## DESCRIPTION OF THE TASK
Your answer should be each line of the entries that contains the word "hsub", copied in full.

-- Opening Marker --

Lemma lmul_lempty_r L : leqv (lmul L (lempty C)) (lempty C).
Proof. intro X. split; [intros [_ [Z [[G [D [_ [[] _]]]] _]]]|intros []]. Qed.

Lemma lpow_add L : is_language L ->
  forall n m, 1 <= n -> lsub (lmul (lpow L n) (lpow L m)) (lpow L (n + m)).
Proof.
  intros hL n. induction n as [|[|n] IH]; intros m hn; [lia| |].
  - apply lmul_mono; [intro X; apply (lmul_lone_r L hL X)|intros X h; exact h].
  - intros X h. change (lpow L (S (S n))) with (lmul L (lpow L (S n))) in h.
    apply lmul_assoc_sub_r in h; [|exact hL|apply lpow_is_language..].
    revert X h. apply lmul_mono; [intros X h; exact h|]. apply IH; lia.
Qed.

Lemma lplusstar_closed L : is_language L ->
  lsub (lplus L (lmul (lplusstar L) (lplusstar L))) (lplusstar L).
Proof.
  intros hL X [h|[hX [Z [[G [D [[n [hn hG]] [[m [hm hD]] hc]]]] hXZ]]]].
  - exists 1. split; [lia|]. apply (lmul_lone_r L hL X), h.
  - exists (n + m). split; [lia|]. apply lpow_add; [exact hL|exact hn|].
    split; [exact hX|]. exists Z. split; [|exact hXZ]. exists G, D. auto.
Qed.

Lemma lplusstar_least L M : is_language L ->
  lsub (lplus L (lmul M M)) M -> lsub (lplusstar L) M.
Proof.
  intros hL hsub X [n [hn h]]. revert X h.
  induction n as [|[|n] IH]; [lia| |]; intros X h.
  - apply hsub. left. apply (lmul_lone_r L hL X), h.
  - apply hsub. right. revert X h. apply lmul_mono.
    + intros Y h. apply hsub. left. exact h.
    + intros Y hY. apply IH; [lia|exact hY].
Qed.

End LanguageProduct.

Theorem proposition10 (C : dcat) :
  Rat (@lempty C) /\
  (forall L M : lang C, Rat L -> Rat M -> Rat (lplus L M)) /\
  (forall L M : lang C, Rat L -> Rat M -> Rat (lmul L M)) /\
  (forall L : lang C, Rat L -> Rat (lplusstar L)) /\
  (forall L M N : lang C, Rat L -> Rat M -> Rat N ->
      leqv (lplus L (lplus M N)) (lplus (lplus L M) N)) /\
  (forall L M : lang C, Rat L -> Rat M -> leqv (lplus L M) (lplus M L)) /\
  (forall L : lang C, Rat L -> leqv (lplus L L) L) /\
  (forall L : lang C, Rat L -> leqv (lplus (@lempty C) L) L) /\
  (forall L : lang C, Rat L -> leqv (lplus L (@lempty C)) L) /\
  (forall L M N : lang C, Rat L -> Rat M -> Rat N ->
      leqv (lmul L (lmul M N)) (lmul (lmul L M) N)) /\
  (forall L M N : lang C, Rat L -> Rat M -> Rat N ->
      leqv (lmul L (lplus M N)) (lplus (lmul L M) (lmul L N))) /\
  (forall L M N : lang C, Rat L -> Rat M -> Rat N ->
      leqv (lmul (lplus L M) N) (lplus (lmul L N) (lmul M N))) /\
  (forall L : lang C, Rat L -> leqv (lmul (@lempty C) L) (@lempty C)) /\
  (forall L : lang C, Rat L -> leqv (lmul L (@lempty C)) (@lempty C)) /\
  (forall L : lang C, Rat L ->
      lsub (lplus L (lmul (lplusstar L) (lplusstar L))) (lplusstar L)) /\
  (forall L M : lang C, Rat L -> Rat M ->
      lsub (lplus L (lmul M M)) M -> lsub (lplusstar L) M).
Proof.
  refine (conj Rat_empty (conj Rat_plus (conj Rat_mul (conj Rat_plusstar _)))).
  repeat match goal with |- _ /\ _ => split end; intros.
  1-5: intro; unfold lplus, lempty; tauto.
  - apply lmul_assoc; apply Rat_is_language; assumption.
  - apply lmul_lplus_distr_l.
  - apply lmul_lplus_distr_r.
  - apply lmul_lempty_l.
  - apply lmul_lempty_r.
  - apply lplusstar_closed, Rat_is_language; assumption.
  - eapply lplusstar_least; [apply Rat_is_language|]; eassumption.
Qed.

-- Closing Marker --

## SOLUTION
  intros hL hsub X [n [hn h]]. revert X h.
  - apply hsub. left. apply (lmul_lone_r L hL X), h.
  - apply hsub. right. revert X h. apply lmul_mono.
    + intros Y h. apply hsub. left. exact h.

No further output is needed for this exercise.